(What needs to be done): Find every line in the records below that contains the word "existsP", and copy each such line.

Records drawn from a dataset:
(* Let $G$ be a loopy graph. Then there exist infinitely many numerical semigroups $S$ such that the graph $G(S)$ is isomorphic to $G$.
   Context: A loopy graph is a finite graph with no isolated vertices and no multiple edges, but possibly with loops. A numerical semigroup is a subset $S\subseteq\mathbb N$ containing $0$, closed under addition, with finite complement; $m=\min(S\setminus\{0\})$ is its multiplicity. Let $X=\{s\in S\setminus\{0\}: s-m\notin S\}$ (nonzero Apéry elements). The graph $G(S)$ has edge set consisting of all subsets $\{x,y\}\subseteq X$ (with $x=y$ allowed, giving a loop) such that $x+y\in X$, and vertex set the set of all endvertices of these edges. *)

From mathcomp Require Import all_boot.
Set Implicit Arguments. Unset Strict Implicit. Unset Printing Implicit Defensive.

(* A loopy graph: finite vertex type T, symmetric edge relation e
   (loops allowed: e x x), no multiple edges (automatic for a relation),
   no isolated vertices. *)
Definition loopy_graph (T : finType) (e : rel T) : Prop :=
  symmetric e /\ (forall x : T, exists y : T, e x y).

Definition numerical_semigroup (S : nat -> bool) : Prop :=
  [/\ S 0,
      (forall a b, S a -> S b -> S (a + b)) &
      (exists N, forall n, N <= n -> S n)].

Definition is_multiplicity (S : nat -> bool) (m : nat) : Prop :=
  [/\ S m, 0 < m & forall s, S s -> 0 < s -> m <= s].

(* Nonzero Apery elements X = { s in S \ {0} : s - m notin S }, where s - m
   is the integer difference (so if s < m it is negative, hence not in S). *)
Definition apery_nz (S : nat -> bool) (x : nat) : Prop :=
  exists m, is_multiplicity S m /\
    [/\ S x, 0 < x & ~~ ((m <= x) && S (x - m))].

Definition GS_edge (S : nat -> bool) (x y : nat) : Prop :=
  [/\ apery_nz S x, apery_nz S y & apery_nz S (x + y)].

Definition GS_vertex (S : nat -> bool) (v : nat) : Prop :=
  exists w, GS_edge S v w.

Definition iso_to_GS (T : finType) (e : rel T) (S : nat -> bool) : Prop :=
  exists f : T -> nat,
    [/\ injective f,
        (forall v, GS_vertex S v <-> exists x, f x = v) &
        (forall x y, e x y <-> GS_edge S (f x) (f y))].

(* Number the vertices by a Sidon set of small integers code u and, for N
   large, take S = {0, 3N} u {4N + code u} u {5N + code u + code v : uv is not
   an edge} u [6N, oo).  Then 3N is the multiplicity and every 4N + code u is
   an Apery element; their sum 8N + code u + code v is Apery exactly when
   5N + code u + code v is missing from S, i.e. when uv is an edge, because by
   the Sidon property that number names the pair uv only.  Every other Apery
   element is too large to lie on an edge, and distinct N give distinct
   semigroups. *)
From mathcomp Require Import all_boot.
From mathcomp Require Import zify.
Set Implicit Arguments. Unset Strict Implicit.

Definition sidon (T : Type) (code : T -> nat) : Prop :=
  forall u v x y, code u + code v = code x + code y ->
    (u = x /\ v = y) \/ (u = y /\ v = x).

Lemma sidon_inj (T : Type) (code : T -> nat) : sidon code -> injective code.
Proof. by move=> sid u x /(congr1 (fun n => n + n)) /sid [[]|[]]. Qed.

Lemma sidon_comp (T U : Type) (code : U -> nat) (g : T -> U) :
  sidon code -> injective g -> sidon (code \o g).
Proof.
move=> sid g_inj u v x y /sid [[/g_inj-> /g_inj->]|[/g_inj-> /g_inj->]].
  by left.
by right.
Qed.

Lemma logn2_expn4D a b : a <= b -> logn 2 (4 ^ a + 4 ^ b) = 2 * a + (a == b).
Proof.
have expn4E k : 4 ^ k = 2 ^ (2 * k) by rewrite expnM.
move=> le_ab; case: eqP => [<-|/eqP ne_ab].
  by rewrite expn4E addnn -mul2n -expnS pfactorK // addn1.
have lt_ab : a < b by rewrite ltn_neqAle ne_ab.
have -> : 4 ^ a + 4 ^ b = (1 + 4 ^ (b - a)) * 2 ^ (2 * a).
  by rewrite mulnDl mul1n -expn4E -expnD subnK.
rewrite logn_Gauss ?pfactorK ?addn0 // coprime2n.
have : 0 < b - a by rewrite subn_gt0.
by case: (b - a) => // k _; rewrite expnS oddD oddM.
Qed.

Lemma sidon_expn4 : sidon (expn 4).
Proof.
have sorted a b c d : a <= b -> c <= d -> 4 ^ a + 4 ^ b = 4 ^ c + 4 ^ d ->
    a = c /\ b = d.
  move=> le_ab le_cd eq_sum.
  (* the 2-adic valuation of the sum determines min(a, b) and whether a = b *)
  have := logn2_expn4D le_ab; rewrite eq_sum logn2_expn4D //.
  have [eq_ac _|] := eqVneq a c; last by case: (a == b); case: (c == d); lia.
  by move: eq_sum; rewrite -eq_ac => /addnI /eqP; rewrite eqn_exp2l // => /eqP.
move=> a b c d /=; case: (leqP a b) => ab; case: (leqP c d) => cd eq_sum.
- by left; apply: sorted.
- by right; apply: sorted ab (ltnW cd) _; rewrite eq_sum addnC.
- rewrite addnC in eq_sum.
  by right; have [] := sorted _ _ _ _ (ltnW ab) cd eq_sum.
- rewrite addnC [4 ^ c + _]addnC in eq_sum.
  by left; have [] := sorted _ _ _ _ (ltnW ab) (ltnW cd) eq_sum.
Qed.

Lemma is_multiplicity_uniq (S : nat -> bool) m m' :
  is_multiplicity S m -> is_multiplicity S m' -> m = m'.
Proof.
case=> Sm m_gt0 m_min [Sm' m'_gt0 m'_min].
by apply/eqP; rewrite eqn_leq m_min ?m'_min.
Qed.

Lemma apery_nzE (S : nat -> bool) m x : is_multiplicity S m ->
  apery_nz S x <-> [/\ S x, 0 < x & ~~ ((m <= x) && S (x - m))].
Proof.
move=> mult_m; split; last by exists m.
by case=> m' [/(is_multiplicity_uniq mult_m) <-].
Qed.

Lemma apery_nz_gt_mult (S : nat -> bool) m x : S 0 -> is_multiplicity S m ->
  apery_nz S x -> m < x.
Proof.
move=> S0 mult_m /(apery_nzE _ mult_m) [Sx x_gt0 not_Sxm].
case: mult_m => _ _ /(_ x Sx x_gt0); rewrite leq_eqVlt => /orP [/eqP eq_mx|//].
by move: not_Sxm; rewrite eq_mx subnn leqnn S0.
Qed.

Section GraphSemigroup.

Variables (T : finType) (e : rel T) (code : T -> nat) (N : nat).
Hypotheses (e_sym : symmetric e) (code_sidon : sidon code).
Hypotheses (N_gt0 : 0 < N) (code_lt : forall u, 2 * code u < N).

Definition graph_semigroup (s : nat) : bool :=
  (s == 0) ||
  [|| s == 3 * N, [exists u, s == 4 * N + code u],
      [exists u, exists v, ~~ e u v && (s == 5 * N + code u + code v)]
    | 6 * N <= s].

Local Notation S := graph_semigroup.

Lemma graph_semigroup_gap s : S s -> s = 0 \/ 3 * N <= s.
Proof.
case/orP => [/eqP|/or4P [/eqP|/existsP [u /eqP]|
                          /existsP [u /existsP [v /andP [_ /eqP]]]|]]; lia.
Qed.

Lemma graph_semigroup_low s : 0 < s < 3 * N -> S s = false.
Proof. by move=> s_range; apply/negP => /graph_semigroup_gap; lia. Qed.

Lemma graph_semigroup_high s : 6 * N <= s -> S s.
Proof. by move=> s_ge; rewrite /S s_ge !orbT. Qed.

Lemma graph_semigroup_vertex u : S (4 * N + code u).
Proof. by apply/orP; right; apply/or4P; apply: Or42; apply/existsP; exists u. Qed.

Lemma graph_semigroup_pair u v : S (5 * N + code u + code v) = ~~ e u v.
Proof.
have := code_lt u; have := code_lt v => cv cu.
apply/idP/idP => [|ne_uv]; last first.
  apply/orP; right; apply/or4P; apply: Or43.
  by apply/existsP; exists u; apply/existsP; exists v; rewrite ne_uv eqxx.
case/orP => [/eqP|/or4P [/eqP|/existsP [w /eqP]|/existsP [x /existsP [y]]|]];
  [lia | lia | have := code_lt w; lia | | lia].
case/andP=> ne_xy /eqP eq_sum.
have /code_sidon [[-> ->]|[-> ->]] // : code u + code v = code x + code y by lia.
by rewrite e_sym.
Qed.

Lemma graph_semigroup_window s : 3 * N < s < 6 * N -> S s ->
  (exists u, s = 4 * N + code u) \/ 5 * N <= s.
Proof.
move=> s_range /orP [/eqP|/or4P [/eqP|/existsP [u /eqP ->]|
                                  /existsP [u /existsP [v /andP [_ /eqP]]]|]];
  by [lia | left; exists u | right; lia].
Qed.

Lemma graph_semigroupD a b : S a -> S b -> S (a + b).
Proof.
move=> Sa Sb; have [-> //|a_ge] := graph_semigroup_gap Sa.
have [->|b_ge] := graph_semigroup_gap Sb; first by rewrite addn0.
by apply: graph_semigroup_high; lia.
Qed.

Lemma numerical_graph_semigroup : numerical_semigroup S.
Proof.
split=> //; first exact: graph_semigroupD.
by exists (6 * N) => n; apply: graph_semigroup_high.
Qed.

Lemma multiplicity_graph_semigroup : is_multiplicity S (3 * N).
Proof.
split; [by rewrite /S eqxx orbT | lia |].
by move=> s /graph_semigroup_gap; lia.
Qed.

Local Notation apery_nzE_S := (apery_nzE _ multiplicity_graph_semigroup).

Definition vertex_elt (u : T) : nat := 4 * N + code u.

Lemma vertex_elt_inj : injective vertex_elt.
Proof. by move=> u v /addnI /(sidon_inj code_sidon). Qed.

Lemma apery_vertex_elt u : apery_nz S (vertex_elt u).
Proof.
apply/apery_nzE_S; rewrite /vertex_elt.
split; [exact: graph_semigroup_vertex | lia |].
by rewrite graph_semigroup_low ?andbF //; have := code_lt u; lia.
Qed.

Lemma GS_edge_vertex_elt u v : GS_edge S (vertex_elt u) (vertex_elt v) <-> e u v.
Proof.
have sum_ge : 3 * N <= vertex_elt u + vertex_elt v by rewrite /vertex_elt; lia.
have sum_sub : vertex_elt u + vertex_elt v - 3 * N = 5 * N + code u + code v.
  by rewrite /vertex_elt; lia.
have S_sum : S (vertex_elt u + vertex_elt v).
  by apply: graph_semigroup_high; rewrite /vertex_elt; lia.
have apery_sum : apery_nz S (vertex_elt u + vertex_elt v) <-> e u v.
  rewrite apery_nzE_S sum_sub graph_semigroup_pair sum_ge /= negbK.
  by split=> [[] //|euv]; split=> //; rewrite /vertex_elt; lia.
by split=> [[_ _ /apery_sum //]|/apery_sum]; split=> //; exact: apery_vertex_elt.
Qed.

(* Apery elements exceed 3N; for an edge wz, w + z - 3N is not in S, hence
   below 6N, so w and z lie in (3N, 6N); then z >= 4N rules out w >= 5N. *)
Lemma GS_vertex_vertex_elt (no_isolated : forall u, exists v, e u v) w :
  GS_vertex S w <-> exists u, vertex_elt u = w.
Proof.
split; last first.
  case=> u <-; have [v euv] := no_isolated u.
  by exists (vertex_elt v); apply/GS_edge_vertex_elt.
case=> z [aw az awz].
have S0 : S 0 by [].
have w_gt := apery_nz_gt_mult S0 multiplicity_graph_semigroup aw.
have z_gt := apery_nz_gt_mult S0 multiplicity_graph_semigroup az.
have sum_lt : w + z < 9 * N.
  case/apery_nzE_S: awz => _ _; rewrite ltnNge; apply: contra => sum_ge.
  by rewrite graph_semigroup_high ?andbT; lia.
case/apery_nzE_S: aw => Sw _ _; case/apery_nzE_S: az => Sz _ _.
have z_ge : 4 * N <= z.
  by have [[u ->]|] := graph_semigroup_window (ltac:(lia) : 3 * N < z < 6 * N) Sz; lia.
have [[u ->]|w_ge] := graph_semigroup_window (ltac:(lia) : 3 * N < w < 6 * N) Sw.
  by exists u.
case/apery_nzE_S: awz => _ _; rewrite graph_semigroup_high; lia.
Qed.

Lemma graph_semigroup_iso : (forall u, exists v, e u v) -> iso_to_GS e S.
Proof.
move=> no_isolated; exists vertex_elt; split.
- exact: vertex_elt_inj.
- exact: GS_vertex_vertex_elt.
- by move=> u v; rewrite GS_edge_vertex_elt.
Qed.

End GraphSemigroup.

Lemma graph_semigroup_separated (T : finType) (e : rel T) code N N' :
  0 < N < N' ->
  graph_semigroup e code N (3 * N) && ~~ graph_semigroup e code N' (3 * N).
Proof.
move=> N_range; rewrite (@graph_semigroup_low _ _ _ N') ?andbT; try lia.
by rewrite /graph_semigroup eqxx orbT.
Qed.

Theorem theorem6p1 (T : finType) (e : rel T) :
  loopy_graph e ->
  exists Sq : nat -> (nat -> bool),
    (forall i j, i <> j -> exists n, Sq i n != Sq j n) /\
    (forall i, numerical_semigroup (Sq i) /\ iso_to_GS e (Sq i)).
Proof.
case=> e_sym no_isolated.
pose code (u : T) := 4 ^ enum_rank u.
have code_sidon : sidon code.
  by apply: (sidon_comp sidon_expn4); apply: inj_comp val_inj enum_rank_inj.
pose N i := 2 * 4 ^ #|T| + i.+1.
have code_lt i u : 2 * code u < N i.
  have : code u < 4 ^ #|T| by rewrite ltn_exp2l.
  rewrite /N; lia.
have separated i j : i < j ->
    exists n, graph_semigroup e code (N i) n != graph_semigroup e code (N j) n.
  move=> lt_ij; exists (3 * N i).
  have N_lt : 0 < N i < N j by rewrite /N; lia.
  by have /andP [-> /negbTE ->] := graph_semigroup_separated e code N_lt.
exists (fun i => graph_semigroup e code (N i)); split=> [i j /eqP|i].
  rewrite neq_ltn => /orP [/separated //|/separated [n]].
  by exists n; rewrite eq_sym.
have N_gt0 : 0 < N i by rewrite /N addnS.
split; first exact: numerical_graph_semigroup.
exact: graph_semigroup_iso e_sym code_sidon N_gt0 (code_lt i) no_isolated.
Qed.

(Response for this exercise):
case/orP => [/eqP|/or4P [/eqP|/existsP [u /eqP]|
                          /existsP [u /existsP [v /andP [_ /eqP]]]|]]; lia.
Proof. by apply/orP; right; apply/or4P; apply: Or42; apply/existsP; exists u. Qed.
  by apply/existsP; exists u; apply/existsP; exists v; rewrite ne_uv eqxx.
case/orP => [/eqP|/or4P [/eqP|/existsP [w /eqP]|/existsP [x /existsP [y]]|]];
move=> s_range /orP [/eqP|/or4P [/eqP|/existsP [u /eqP ->]|
                                  /existsP [u /existsP [v /andP [_ /eqP]]]|]];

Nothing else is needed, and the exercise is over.